ITunes has a new competitor emerging:  Spotify.  Free by invitation, you can stream from a vast database of music, no more paying for individual songs.  As an added bonus, you can post the songs you listen to on Facebook, allowing you to share your favorite tunes and get recommendations from your friends.

Spotify’s partnership with Facebook is essential to its growth in the United States.  After its launch this summer, Facebook users are used to seeing “news” updates about different song choices from their friends.  The more people hear about other Facebook friends using a given program, the more benefit people tend to see in the program, and are more likely to try it.  Up-to-date Facebook statuses are one of the best ways to quickly spread the word about any product through friend networks.
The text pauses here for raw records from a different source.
Lemma inj_homs_covered phi : phi \in inj_homs adj G ->
  exists b (c : {ffun {x : V | x != b} -> 'I_r}),
    [/\ critical_vertex r adj b, c \in single_nbr_colorings adj i b & phi \in hom_fiber c].
Proof.
move=> phiG; have [phi_inj phi_hom] := inj_homsP phiG.
have [a [b [ab pa pb]]] := inj_hom_uses_added_edge phiG.
have proper := inj_hom_part_proper phiG pb.
have a_b : a != b by apply: contraTneq ab => ->; rewrite (negbTE (adj_simple.1 b)).
exists b, [ffun x : {x : V | x != b} => part (phi (val x))]; split.
- apply: (@critical_vertex_of_coloring _ _ _ adj_crit (part \o phi) b) => x y xb yb _ axy.
  by rewrite -val_eqE; apply: proper.
- rewrite inE; apply/andP; split.
    apply/forallP => x; apply/forallP => y; apply/implyP => axy.
    by rewrite !ffunE -val_eqE; apply: proper (valP x) (valP y) axy.
  apply/cards1P; exists (exist _ a a_b); apply/setP => x; rewrite !inE ffunE -val_eqE /=.
  apply/andP/eqP => [[bx /eqP xi] | ->]; last by rewrite adj_simple.2 ab pa u0_part.
  have same : (phi b %% r = phi (val x) %% r)%N by rewrite pb v0_part xi.
  case/orP: (turan_plus_same_part (phi_hom _ _ bx) same) => /andP[/eqP pbu /eqP px].
    by move: u0v0; rewrite -pb pbu eqxx.
  by apply: val_inj; apply: phi_inj; rewrite px pa.
- by rewrite inE phiG pb eqxx /=; apply/forallP => x; rewrite ffunE.
Qed.

Lemma hom_fiberP b (c : {ffun {x : V | x != b} -> 'I_r}) phi : phi \in hom_fiber c ->
  [/\ phi \in inj_homs adj G, phi b = v0 & forall x, (phi (val x) %% r)%N = c x].
Proof.
by rewrite inE => /andP[phiG /andP[/eqP pb /forallP pc]]; split=> // x; apply/eqP.
Qed.

(* A homomorphism in a fiber is determined by its values at a and b, which are
   forced, and by the quotients [phi x %/ r] elsewhere. *)
Lemma card_hom_fiber_le b (c : {ffun {x : V | x != b} -> 'I_r}) :
  c \in single_nbr_colorings adj i b -> (#|hom_fiber c| <= (n %/ r).+1 ^ (#|V| - 2))%N.
Proof.
rewrite inE => /andP[_ /cards1P [a' nbr_i]].
have : a' \in [set x | adj b (val x) && (c x == i)] by rewrite nbr_i set11.
rewrite inE => /andP[ba /eqP ca]; set a := val a'; have ab : a != b := valP a'.
have fiber_a phi : phi \in hom_fiber c -> phi a = u0.
  case/hom_fiberP => /inj_homsP [_ phi_hom] pb pc.
  have same : (phi b %% r = phi a %% r)%N by rewrite pb v0_part pc ca.
  case/orP: (turan_plus_same_part (phi_hom _ _ ba) same) => /andP[/eqP pbu /eqP pau] //.
  by move: u0v0; rewrite -pb pbu eqxx.
pose k := (n %/ r).+1.
have quo_lt (phi : {ffun V -> 'I_n}) x : (phi x %/ r < k)%N by rewrite ltnS leq_div2r // ltnW.
pose quo (phi : {ffun V -> 'I_n}) : {ffun {x : V | x \notin [set a; b]} -> 'I_k} :=
  [ffun x => inord (phi (val x) %/ r)].
apply: (leq_trans (@leq_card_in _ _ quo (mem (hom_fiber c)) _)).
  move=> phi1 phi2 h1 h2 /ffunP eq_quo; apply/ffunP => x.
  have [[_ pb1 pc1] [_ pb2 pc2]] := (hom_fiberP h1, hom_fiberP h2).
  have [-> | xb] := eqVneq x b; first by rewrite pb1 pb2.
  have [-> | xa] := eqVneq x a; first by rewrite !fiber_a.
  have xab : x \notin [set a; b] by rewrite !inE negb_or xa xb.
  have := eq_quo (exist _ x xab); rewrite !ffunE /= => /(congr1 val).
  rewrite /= !inordK ?quo_lt // => eq_div.
  apply: val_inj; rewrite /= (divn_eq (phi1 x) r) (divn_eq (phi2 x) r) eq_div.
  by rewrite (pc1 (exist _ x xb)) (pc2 (exist _ x xb)).
rewrite card_ffun card_ord card_sig.
have -> : #|[pred x | x \notin [set a; b]]| = #|~: [set a; b]| by apply: eq_card => x; rewrite !inE.
by rewrite -(cardsC [set a; b]) cards2 ab addKn.
Qed.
Once the user has been convinced to try Spotify, they must be convinced to continue using the program.  If Spotify is successful in keeping a customer, that same customer will also post statuses about Spotify and spread its popularity.  When considering how Spotify will keep its customers, we can look at the idea of strong triadic closure used in class:  if there are two strong bonds between nodes in a triangle, the third edge must be at least a weak bond.   This idea can be used in music tastes.   Between Facebook and Spotify, the companies can identify friendships on Facebook, as well as individual people’s music preferences.  Let’s consider friends that have 50% commonality in songs listened to as friends with strong ties of music preferences.  Let’s also say that friends with 20% commonality in music tastes have a weak music ties, and anyone under 20% commonality in their music lists have no music ties.  Say user A has a 60% commonality with user B, and user C has 55% commonality with user B.  Strong triadic closure says that user A and user C will have at least a 20% commonality in music lists.  Spotify can use this information to suggest songs.  Instead of only suggesting music to A that B likes, it can also suggest songs to A that C likes, expanding A’s music library and tastes.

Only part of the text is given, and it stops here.